We develop a high-order kinetic scheme for entropy-based moment models of a one-dimensional linear kinetic equation in slab geometry. High-order spatial reconstructions are achieved using the weighted essentially non-oscillatory (WENO) method. For time integration we use multi-step Runge-Kutta methods which are strong stability preserving and whose stages and steps can be written as convex combinations of forward Euler steps.

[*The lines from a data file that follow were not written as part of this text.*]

(* Let $\Gamma$ be a chain of loops: vertices $w_0,\dots,w_r$ where consecutive vertices $w_{j-1},w_j$ are joined by two parallel edges of equal length, so that the $j$-th loop has length $\lambda_j$. Suppose the distinct loop lengths occurring are $L_1,\dots,L_m$, with $L_i$ occurring $n_i$ times, and let $L=\sum_j\lambda_j$ be the total length. Then the eigenfrequencies $k$ (eigenvalues $k^2$) of $\mathbf{L}(\Gamma)$ with standard vertex conditions are: $0$ with multiplicity one; $2\pi N/L$ with multiplicity one for each positive integer $N$; and $2\pi N/L_i$ with multiplicity $n_i$ for each $i$ and each positive integer $N$ (multiplicities adding when these values coincide). Equivalently the secular equation is $\Sigma(k)=\left(-1+e^{ikL}\right)\prod_{i=1}^m\left(-1+e^{iL_ik}\right)^{n_i}$. In particular the spectrum does not depend on the order of the loops in the chain. *)

From Stdlib Require Import Reals Lra List ClassicalEpsilon.
From Coquelicot Require Import Coquelicot.
Open Scope R_scope.

Definition rsum (d : nat) (g : nat -> R) : R :=
  fold_right Rplus 0 (map g (seq 0 d)).

Definition nsum (d : nat) (g : nat -> nat) : nat :=
  fold_right Nat.add 0%nat (map g (seq 0 d)).

Definition ind (P : Prop) : nat :=
  if excluded_middle_informative P then 1%nat else 0%nat.

(* Vertices w_0,...,w_r; loop j joins w_j and w_(j+1) by two parallel edges
   (j,true) and (j,false), each of length lam j / 2, parametrised by
   x in [0, lam j / 2] with x = 0 at w_j and x = lam j / 2 at w_(j+1).
   A function on the graph is f : nat -> bool -> R -> R, f j a being the
   function on edge (j,a). *)
Definition elen (lam : nat -> R) (j : nat) : R := lam j / 2.

Definition edge_eig (mu l : R) (g : R -> R) (d0 d1 : R) : Prop :=
  (forall x, 0 < x < l ->
     ex_derive g x /\ ex_derive (Derive g) x /\
     - Derive (Derive g) x = mu * g x) /\
  filterlim g (at_right 0) (locally (g 0)) /\
  filterlim g (at_left l) (locally (g l)) /\
  filterlim (Derive g) (at_right 0) (locally d0) /\
  filterlim (Derive g) (at_left l) (locally d1).

(* f is a solution of the eigenvalue problem  -f'' = mu f  with standard
   vertex conditions (f = 0 is allowed; eigenvectors are the nonzero ones). *)
Definition is_eigfun (r : nat) (lam : nat -> R) (mu : R)
    (f : nat -> bool -> R -> R) : Prop :=
  exists D0 D1 : nat -> bool -> R,
    (forall j a, (j < r)%nat -> edge_eig mu (elen lam j) (f j a) (D0 j a) (D1 j a)) /\
    (forall j a b, (j < r)%nat ->
        f j a 0 = f j b 0 /\ f j a (elen lam j) = f j b (elen lam j)) /\
    (forall j a b, (S j < r)%nat -> f j a (elen lam j) = f (S j) b 0) /\
    (* Kirchhoff: sum of outgoing derivatives vanishes at each vertex w_v *)
    (forall v, (v <= r)%nat ->
        (if Nat.ltb v r then D0 v true + D0 v false else 0)
        - (if Nat.ltb 0 v then D1 (pred v) true + D1 (pred v) false else 0) = 0).

Definition indep (r : nat) (lam : nat -> R) (d : nat)
    (F : nat -> nat -> bool -> R -> R) : Prop :=
  forall c : nat -> R,
    (forall j a x, (j < r)%nat -> 0 <= x <= elen lam j ->
        rsum d (fun i => c i * F i j a x) = 0) ->
    forall i, (i < d)%nat -> c i = 0.

(* mu is an eigenvalue of multiplicity d (d = 0: not an eigenvalue), i.e. the
   solution space has dimension exactly d. *)
Definition has_mult (r : nat) (lam : nat -> R) (mu : R) (d : nat) : Prop :=
  (exists F, (forall i, (i < d)%nat -> is_eigfun r lam mu (F i)) /\ indep r lam d F) /\
  (forall F, (forall i, (i < S d)%nat -> is_eigfun r lam mu (F i)) ->
     ~ indep r lam (S d) F).

Definition pred_mult (r : nat) (lam : nat -> R) (k : R) : nat :=
  Nat.add (Nat.add (ind (k = 0))
     (ind (exists N : nat, (1 <= N)%nat /\ k * rsum r lam = 2 * PI * INR N)))
   (nsum r (fun j => ind (exists N : nat, (1 <= N)%nat /\ k * lam j = 2 * PI * INR N))).

From Pilot Require Import Defs.
From Stdlib Require Import Reals.
From Coquelicot Require Import Coquelicot.
From Stdlib Require Import Lra Lia List ClassicalEpsilon Classical FunctionalExtensionality ZArith.
(* [Defs.ind] must take precedence over [Rtopology.ind] from the Reals library. *)
Import Defs.
Open Scope R_scope.

(** On each edge an eigenfunction of [-f'' = mu f] is a combination of a
    fundamental system [c], [s]; continuity and Kirchhoff's law propagate
    along the chain and show that every eigenfunction is [alpha c(position)]
    plus, on each loop, an antisymmetric multiple of [s] vanishing at the
    loop ends, with [alpha c'(L/2) = 0] at the last vertex.  For [mu < 0]
    ([c = cosh], [s = sinh]) this forces [f = 0].  For [mu = k^2 >= 0] it
    shows that the "active" modes -- the global mode [cos (k position)] when
    [k = 0] or [k L] is a positive multiple of [2 pi], and the loop modes
    [+-sin (k x)] on loop [j] when [k lam j] is one -- span the eigenspace; they are
    independent, so by a Steinitz-type count the multiplicity is their
    number, which is [pred_mult]. *)

(** * Local analysis on one edge *)

(** Points of [(0,l)] are eventually reached when approaching [0] from the
    right or [l] from the left; this lets interior identities pass to the
    endpoints. *)
Lemma at_right_open_interval l : 0 < l -> at_right 0 (fun x => 0 < x < l).
Proof.
  intros Hl. exists (mkposreal l Hl). intros y Hy Hy0. simpl in Hy.
  unfold ball in Hy; simpl in Hy; unfold AbsRing_ball, abs, minus, plus, opp in Hy; simpl in Hy.
  apply Rabs_lt_between in Hy. lra.
Qed.

Lemma at_left_open_interval l : 0 < l -> at_left l (fun x => 0 < x < l).
Proof.
  intros Hl. exists (mkposreal l Hl). intros y Hy Hy0. simpl in Hy.
  unfold ball in Hy; simpl in Hy; unfold AbsRing_ball, abs, minus, plus, opp in Hy; simpl in Hy.
  apply Rabs_lt_between in Hy. lra.
Qed.

Lemma zero_derive_constant (F : R -> R) a b :
  (forall t, a < t < b -> is_derive F t 0) ->
  forall x y, a < x < b -> a < y < b -> F x = F y.
Proof.
  intros HD x y Hx Hy. destruct (Rtotal_order x y) as [H|[H|H]].
  - apply eq_is_derive; [intros t Ht; apply HD; lra | exact H].
  - subst; reflexivity.
  - symmetry; apply eq_is_derive; [intros t Ht; apply HD; lra | exact H].
Qed.

Lemma is_derive_replace (f : R -> R) x l l' : is_derive f x l -> l = l' -> is_derive f x l'.
Proof. intros H ->; exact H. Qed.

Lemma derivable_cont_right (h : R -> R) x :
  ex_derive h x -> filterlim h (at_right x) (locally (h x)).
Proof.
  intros H. eapply filterlim_filter_le_1;
    [apply filter_le_within | apply (ex_derive_continuous h x H)].
Qed.

Lemma derivable_cont_left (h : R -> R) x :
  ex_derive h x -> filterlim h (at_left x) (locally (h x)).
Proof.
  intros H. eapply filterlim_filter_le_1;
    [apply filter_le_within | apply (ex_derive_continuous h x H)].
Qed.

Lemma boundary_limit_right (g h : R -> R) l v :
  0 < l -> ex_derive h 0 -> (forall x, 0 < x < l -> h x = g x) ->
  filterlim g (at_right 0) (locally v) -> v = h 0.
Proof.
  intros Hl Dh Hgh Hg. apply (@filterlim_locally_unique _ _ _ (at_right 0) _ g); [exact Hg|].
  apply (filterlim_ext_loc h g); [|apply derivable_cont_right, Dh].
  eapply filter_imp; [|apply (at_right_open_interval l Hl)]. exact Hgh.
Qed.

Lemma boundary_limit_left (g h : R -> R) l v :
  0 < l -> ex_derive h l -> (forall x, 0 < x < l -> h x = g x) ->
  filterlim g (at_left l) (locally v) -> v = h l.
Proof.
  intros Hl Dh Hgh Hg. apply (@filterlim_locally_unique _ _ _ (at_left l) _ g); [exact Hg|].
  apply (filterlim_ext_loc h g); [|apply derivable_cont_left, Dh].
  eapply filter_imp; [|apply (at_left_open_interval l Hl)]. exact Hgh.
Qed.

Lemma edge_eig_of_global (mu l : R) (g g1 : R -> R) :
  (forall x, is_derive g x (g1 x)) -> (forall x, is_derive g1 x (- mu * g x)) ->
  edge_eig mu l g (g1 0) (g1 l).
Proof.
  intros dg dg1.
  assert (E : Derive g = g1)
    by (apply functional_extensionality; intros x; apply is_derive_unique, dg).
  assert (Ex : forall x, ex_derive g x) by (intros x; exists (g1 x); apply dg).
  assert (Ex1 : forall x, ex_derive g1 x) by (intros x; exists (- mu * g x); apply dg1).
  split; [|split; [|split; [|split]]]; rewrite ?E.
  - intros x _. split; [apply Ex|split; [apply Ex1|]].
    rewrite (is_derive_unique _ _ _ (dg1 x)). ring.
  - apply derivable_cont_right, Ex.
  - apply derivable_cont_left, Ex.
  - apply derivable_cont_right, Ex1.
  - apply derivable_cont_left, Ex1.
Qed.

Section FundamentalSystem.

Variables (mu : R) (c c1 s s1 : R -> R).
Hypotheses (dc : forall x, is_derive c x (c1 x)) (dc1 : forall x, is_derive c1 x (- mu * c x))
  (ds : forall x, is_derive s x (s1 x)) (ds1 : forall x, is_derive s1 x (- mu * s x))
  (wronskian : forall x, c x * s1 x - c1 x * s x = 1)
  (c_0 : c 0 = 1) (s_0 : s 0 = 0) (c1_0 : c1 0 = 0) (s1_0 : s1 0 = 1).

Lemma combination_derivable A B x : ex_derive (fun y => A * c y + B * s y) x.
Proof.
  exists (A * c1 x + B * s1 x).
  exact (is_derive_plus (fun y => A * c y) (fun y => B * s y) x _ _
           (is_derive_scal c x A _ (dc x)) (is_derive_scal s x B _ (ds x))).
Qed.

Lemma combination_derivative_derivable A B x : ex_derive (fun y => A * c1 y + B * s1 y) x.
Proof.
  exists (A * (- mu * c x) + B * (- mu * s x)).
  exact (is_derive_plus (fun y => A * c1 y) (fun y => B * s1 y) x _ _
           (is_derive_scal c1 x A _ (dc1 x)) (is_derive_scal s1 x B _ (ds1 x))).
Qed.

(** Inside the edge a solution is a combination of [c] and [s]: the
    Wronskians [W(g,s)] and [W(c,g)] are constant and give the coefficients. *)
Lemma solution_interior_combination l g d0 d1 :
  0 < l -> edge_eig mu l g d0 d1 ->
  exists A B, forall x, 0 < x < l ->
    A * c x + B * s x = g x /\ A * c1 x + B * s1 x = Derive g x.
Proof.
  intros Hl [Hode _].
  set (Q := fun x => g x * s1 x - Derive g x * s x).
  set (P := fun x => Derive g x * c x - g x * c1 x).
  assert (HQ : forall t, 0 < t < l -> is_derive Q t 0).
  { intros t Ht. destruct (Hode t Ht) as [e1 [e2 e3]].
    eapply is_derive_replace.
    - exact (is_derive_minus _ _ t _ _
        (is_derive_mult g s1 t _ _ (Derive_correct _ _ e1) (ds1 t) Rmult_comm)
        (is_derive_mult (Derive g) s t _ _ (Derive_correct _ _ e2) (ds t) Rmult_comm)).
    - unfold minus, plus, opp, mult; simpl.
      assert (Derive (Derive g) t = - (mu * g t)) as -> by lra. ring. }
  assert (HP : forall t, 0 < t < l -> is_derive P t 0).
  { intros t Ht. destruct (Hode t Ht) as [e1 [e2 e3]].
    eapply is_derive_replace.
    - exact (is_derive_minus _ _ t _ _
        (is_derive_mult (Derive g) c t _ _ (Derive_correct _ _ e2) (dc t) Rmult_comm)
        (is_derive_mult g c1 t _ _ (Derive_correct _ _ e1) (dc1 t) Rmult_comm)).
    - unfold minus, plus, opp, mult; simpl.
      assert (Derive (Derive g) t = - (mu * g t)) as -> by lra. ring. }
  assert (Hm : 0 < l / 2 < l) by lra.
  exists (Q (l / 2)), (P (l / 2)). intros x Hx.
  rewrite (zero_derive_constant Q 0 l HQ _ x Hm Hx), (zero_derive_constant P 0 l HP _ x Hm Hx).
  unfold Q, P. split.
  - transitivity (g x * (c x * s1 x - c1 x * s x)); [ring | rewrite wronskian; ring].
  - transitivity (Derive g x * (c x * s1 x - c1 x * s x)); [ring | rewrite wronskian; ring].
Qed.
Lemma psd_qform_cross_eq0 (A : M) w : psd A -> qform A w w = 0 ->
  forall v, qform A v w = 0.
Proof.
move=> psdA ww0 v; have hA : A ^t* = A := psdA.1.
set b := qform A v w; set q := qform A v v.
have q_ge0 : 0 <= q := psd_qform_ge0 v psdA.
have q1_gt0 : 0 < q + 1 by rewrite ltr_wpDl.
have q_real : q^* = q by rewrite qform_conj.
(* the value of <s v + w, A (s v + w)> at this s is -|b|^2 (q + 2) / (q + 1)^2 *)
pose s := - b / (q + 1).
have := psd_qform_ge0 (s *: v + w) psdA.
rewrite qform_antilinear_l !qform_linear_r ww0 -/b -/q -(qform_conj _ _ hA) -/b.
have -> : s^* * (s * q + b) + (s * b^* + 0) =
          - (b * b^* * (q + 2%:R) / (q + 1) ^+ 2).
  rewrite /s rmorphM rmorphN /= fmorphV rmorphD /= q_real conjC1.
  by field; rewrite gt_eqF.
rewrite oppr_ge0 pmulr_lle0 ?invr_gt0 ?exprn_gt0 // pmulr_lle0 ?ltr_wpDl //.
by move=> bb_le0; apply/eqP; rewrite -mul_conjC_eq0 eq_le bb_le0 mul_conjC_ge0.
Qed.

Lemma psd_mulmx_eq0 (A : M) w : psd A -> qform A w w = 0 -> A *m w = 0.
Proof.
move=> psdA ww0; apply/colP => i; rewrite [RHS]mxE.
have := psd_qform_cross_eq0 psdA ww0 (delta_mx i 0).
by rewrite /qform trmx_delta map_delta_mx -mulmxA -rowE mxE.
Qed.

Lemma ord2E (i : 'I_2) : i = 0 \/ i = 1.
Proof. by case: i => [[|[|//]] ?]; [left | right]; apply: val_inj. Qed.

Lemma sum_ord2 (F : 'I_2 -> C) : \sum_i F i = F 0 + F 1.
Proof. by rewrite big_ord_recl big_ord1; congr (_ + F _); apply: val_inj. Qed.

Lemma qformE (A : M) v w : qform A v w =
  (v 0 0)^* * (A 0 0 * w 0 0 + A 0 1 * w 1 0) + (v 1 0)^* * (A 1 0 * w 0 0 + A 1 1 * w 1 0).
Proof. by rewrite /qform mxE sum_ord2 !mxE !sum_ord2 !mxE; ring. Qed.

Definition col2 x y : 'cV[C]_2 := \col_i (if i == 0 then x else y).
Definition perp u : 'cV[C]_2 := col2 (- (u 1 0)^*) ((u 0 0)^*).
Definition rank1 u : M := u *m u ^t*.
Definition sqnorm u : C := (u ^t* *m u) 0 0.

Lemma col2_0 x y : col2 x y 0 0 = x. Proof. by rewrite mxE. Qed.
Lemma col2_1 x y : col2 x y 1 0 = y. Proof. by rewrite mxE. Qed.

Lemma col2_eq0 x y : (col2 x y == 0) = (x == 0) && (y == 0).
Proof.
apply/eqP/andP => [u0 | [/eqP x0 /eqP y0]].
  by split; apply/eqP; [rewrite -(col2_0 x y) | rewrite -(col2_1 x y)]; rewrite u0 mxE.
by apply/colP => i; rewrite !mxE x0 y0; case: ifP.
Qed.

Lemma sqnormE u : sqnorm u = u 0 0 * (u 0 0)^* + u 1 0 * (u 1 0)^*.
Proof. by rewrite /sqnorm mxE sum_ord2 !mxE !(mulrC (_ ^*)). Qed.

Lemma sqnorm_gt0 u : u != 0 -> 0 < sqnorm u.
Proof.
move=> u_neq0; have [ge0_0 ge0_1] := (mul_conjC_ge0 (u 0 0), mul_conjC_ge0 (u 1 0)).
rewrite lt_def sqnormE addr_ge0 // andbT; apply: contra u_neq0.
rewrite paddr_eq0 // !mul_conjC_eq0 => /andP[/eqP u0 /eqP u1].
by apply/eqP/colP => i; rewrite mxE; case: (ord2E i) => ->.
Qed.

Lemma rank1E u i j : rank1 u i j = u i 0 * (u j 0)^*.
Proof. by rewrite !mxE big_ord1 !mxE. Qed.

Lemma psd_rank1 u : psd (rank1 u).
Proof.
split; first by rewrite hermitianE /rank1 trmxC_mul trmxCK.
move=> v; change (0 <= qform (rank1 u) v v).
have -> : qform (rank1 u) v v = (v ^t* *m u) 0 0 * ((v ^t* *m u) 0 0)^*.
  rewrite /qform /rank1 mulmxA -(mulmxA _ (u ^t*)).
  rewrite -[u ^t* *m v]trmxCK trmxC_mul trmxCK.
  by rewrite [in LHS]mxE big_ord1 !mxE.
exact: mul_conjC_ge0.
Qed.

Lemma rank1_perp u : rank1 u *m perp u = 0.
Proof. by apply/colP => i; rewrite !mxE sum_ord2 !rank1E !mxE /=; ring. Qed.

Lemma rank1_add_perp u : rank1 u + rank1 (perp u) = (sqnorm u)%:M.
Proof.
apply/matrixP => i j; rewrite [LHS]mxE !rank1E [RHS]mxE sqnormE !mxE.
by case: (ord2E i) => ->; case: (ord2E j) => -> /=; rewrite ?rmorphN /= ?conjCK; ring.
Qed.

Lemma hermitian_perp_rank1 (A : M) u : A ^t* = A -> A *m perp u = 0 -> u != 0 ->
  A = (qform A u u / sqnorm u ^+ 2) *: rank1 u.
Proof.
move=> hA A_perp0 /sqnorm_gt0 n_gt0; set n := sqnorm u in n_gt0 *.
have n_real : n^* = n by rewrite conj_Creal ?gtr0_real.
have A_rank1 : A *m rank1 u = n *: A.
  rewrite -[RHS]mul_mx_scalar -rank1_add_perp mulmxDr /rank1.
  by rewrite [A *m (perp u *m _)]mulmxA A_perp0 mul0mx addr0.
have rank1_A : rank1 u *m A = n *: A.
  have rank1_herm : rank1 u ^t* = rank1 u := (psd_rank1 u).1.
  by rewrite -[LHS]trmxCK trmxC_mul hA rank1_herm A_rank1 trmxCZ hA n_real.
have sandwich : rank1 u *m A *m rank1 u = qform A u u *: rank1 u.
  have -> : rank1 u *m A *m rank1 u = u *m (u ^t* *m A *m u) *m u ^t*.
    by rewrite /rank1 !mulmxA.
  by rewrite [u ^t* *m A *m u]mx11_scalar mul_mx_scalar -scalemxAl.
rewrite mulrC -scalerA -sandwich -mulmxA A_rank1 -scalemxAr rank1_A.
by rewrite [n *: (n *: A)]scalerA -expr2 scalerK // expf_neq0 // gt_eqF.
Qed.

(* Three mutually unbiased bases of C^2, each u followed by a multiple of perp u. *)
Definition probes : seq 'cV[C]_2 :=
  [:: col2 1 0; col2 0 1; col2 1 1; col2 1 (-1); col2 1 'i; col2 1 (-'i)].

Lemma probesP (P : 'cV[C]_2 -> Prop) :
  P (col2 1 0) -> P (col2 0 1) -> P (col2 1 1) -> P (col2 1 (-1)) ->
  P (col2 1 'i) -> P (col2 1 (-'i)) -> forall u, u \in probes -> P u.
Proof.
move=> ? ? ? ? ? ? u; rewrite !inE.
by do ![case/orP=> [/eqP->//|]] => /eqP->.
Qed.

Lemma probes_neq0 : forall u, u \in probes -> u != 0.
Proof. by apply: probesP; rewrite col2_eq0 ?oner_eq0 ?andbF. Qed.

Lemma probes_resolution (A : M) :
  \sum_(u <- probes) (qform A u u / sqnorm u ^+ 2) *: rank1 u = A + \tr A *: 1%:M.
Proof.
apply/matrixP => i j; rewrite summxE.
have -> : (A + \tr A *: 1%:M) i j = A i j + (A 0 0 + A 1 1) * (i == j)%:R.
  by rewrite !mxE /mxtrace sum_ord2.
under eq_bigr => u _ do rewrite mxE rank1E qformE sqnormE.
rewrite /probes !big_cons big_nil addr0.
case: (ord2E i) => ->; case: (ord2E j) => ->.
all: rewrite !col2_0 !col2_1 /= ?rmorphN /= ?conjC0 ?conjC1 ?conjCi ?opprK.
all: field: (@mulCii C); by rewrite mulNr mulCii opprK -[1 + 1]/(2%:R) pnatr_eq0.
Qed.

Lemma rank1_col2_basis : rank1 (col2 1 0) + rank1 (col2 0 1) = 1%:M.
Proof.
apply/matrixP => i j; rewrite !mxE !big_ord1 !mxE.
by case: (ord2E i) => ->; case: (ord2E j) => -> /=; rewrite ?conjC0 ?conjC1; ring.
Qed.

Lemma rank1_col2_pair z : z * z^* = 1 ->
  rank1 (col2 1 z) + rank1 (col2 1 (-z)) = 2%:R *: 1%:M.
Proof.
move=> zz1; apply/matrixP => i j; rewrite !mxE !big_ord1 !mxE.
case: (ord2E i) => ->; case: (ord2E j) => -> /=; rewrite ?rmorphN /= ?conjC1.
all: ring: zz1.
Qed.

Lemma pair_coef_eq z (a b d0 d1 : C) : z != 0 -> z * z^* = 1 ->
  a *: rank1 (col2 1 z) + b *: rank1 (col2 1 (-z)) =
    2%:R *: (d0 *: rank1 (col2 1 0) + d1 *: rank1 (col2 0 1)) ->
  [/\ a = d0, b = d0 & d1 = d0].
Proof.
move=> z_neq0 zz1 eq_ab; have entry i j := congr1 (fun B : M => B i j) eq_ab.
move: (entry 0 1) (entry 0 0) (entry 1 1); rewrite !mxE !big_ord1 !mxE /=.
rewrite ?rmorphN /= mulrNN zz1 ?conjC0 ?conjC1 !(mul1r, mulr1, mul0r, mulr0, addr0, mulrN).
move=> /eqP; rewrite -mulrBl mulf_eq0 conjC_eq0 (negbTE z_neq0) orbF subr_eq0 => /eqP <-.
have two_neq0 : (2%:R : C) != 0 by rewrite pnatr_eq0.
rewrite add0r -mulr2n -[a *+ 2]mulr_natl.
by move=> /(mulfI two_neq0) a_d0 /(mulfI two_neq0) a_d1; rewrite -a_d0 -a_d1.
Qed.

Section LinearMap.
Variable psi : M -> M.
Hypothesis psi_lin : clinear_map psi.

Lemma clinear_mapD A B : psi (A + B) = psi A + psi B.
Proof. by have := psi_lin 1 A B; rewrite !scale1r. Qed.

Lemma clinear_map0 : psi 0 = 0.
Proof. by have := clinear_mapD 0 0; rewrite addr0 -{1}[psi 0]addr0 => /addrI /esym. Qed.

Lemma clinear_mapZ a A : psi (a *: A) = a *: psi A.
Proof. by have := psi_lin a A 0; rewrite clinear_map0 !addr0. Qed.

Lemma clinear_map_sum (I : Type) (s : seq I) (F : I -> M) :
  psi (\sum_(i <- s) F i) = \sum_(i <- s) psi (F i).
Proof. exact: (big_morph psi clinear_mapD clinear_map0). Qed.

Lemma probes_coef_eq (c : 'cV[C]_2 -> C) :
  (forall u, u \in probes -> psi (rank1 u) = c u *: rank1 u) ->
  forall u, u \in probes -> c u = c (col2 1 0).
Proof.
move=> psi_probes; set d0 := c (col2 1 0); set d1 := c (col2 0 1).
have psi1 : psi 1%:M = d0 *: rank1 (col2 1 0) + d1 *: rank1 (col2 0 1).
  by rewrite -rank1_col2_basis clinear_mapD !psi_probes // !inE eqxx ?orbT.
have pair z : z != 0 -> z * z^* = 1 -> col2 1 z \in probes -> col2 1 (-z) \in probes ->
    c (col2 1 z) = d0 /\ c (col2 1 (-z)) = d0 /\ d1 = d0.
  move=> z_neq0 zz1 z_in Nz_in.
  have := congr1 psi (rank1_col2_pair zz1).
  rewrite clinear_mapD clinear_mapZ psi1 !psi_probes //.
  by case/(pair_coef_eq z_neq0 zz1).
have [c3 [c4 d1_d0]] : c (col2 1 1) = d0 /\ c (col2 1 (-1)) = d0 /\ d1 = d0.
  by apply: pair; rewrite ?oner_neq0 ?conjC1 ?mulr1 // !inE eqxx ?orbT.
have [c5 [c6 _]] : c (col2 1 'i) = d0 /\ c (col2 1 (-'i)) = d0 /\ d1 = d0.
  by apply: pair; rewrite ?neq0Ci ?conjCi ?mulrN ?mulCii ?opprK // !inE eqxx ?orbT.
exact: probesP.
Qed.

We show that the moment vectors stay in the realizable set using these time integrators along with a maximum principle-based kinetic-level limiter, which simultaneously dampens spurious oscillations in the numerical solutions. We present numerical results both on a manufactured solution, where we perform convergence tests showing our scheme has the expected order up to the numerical noise from the optimization routine, as well as on two standard benchmark problems, where we show some of the advantages of high-order solutions and the role of the key parameter in the limiter.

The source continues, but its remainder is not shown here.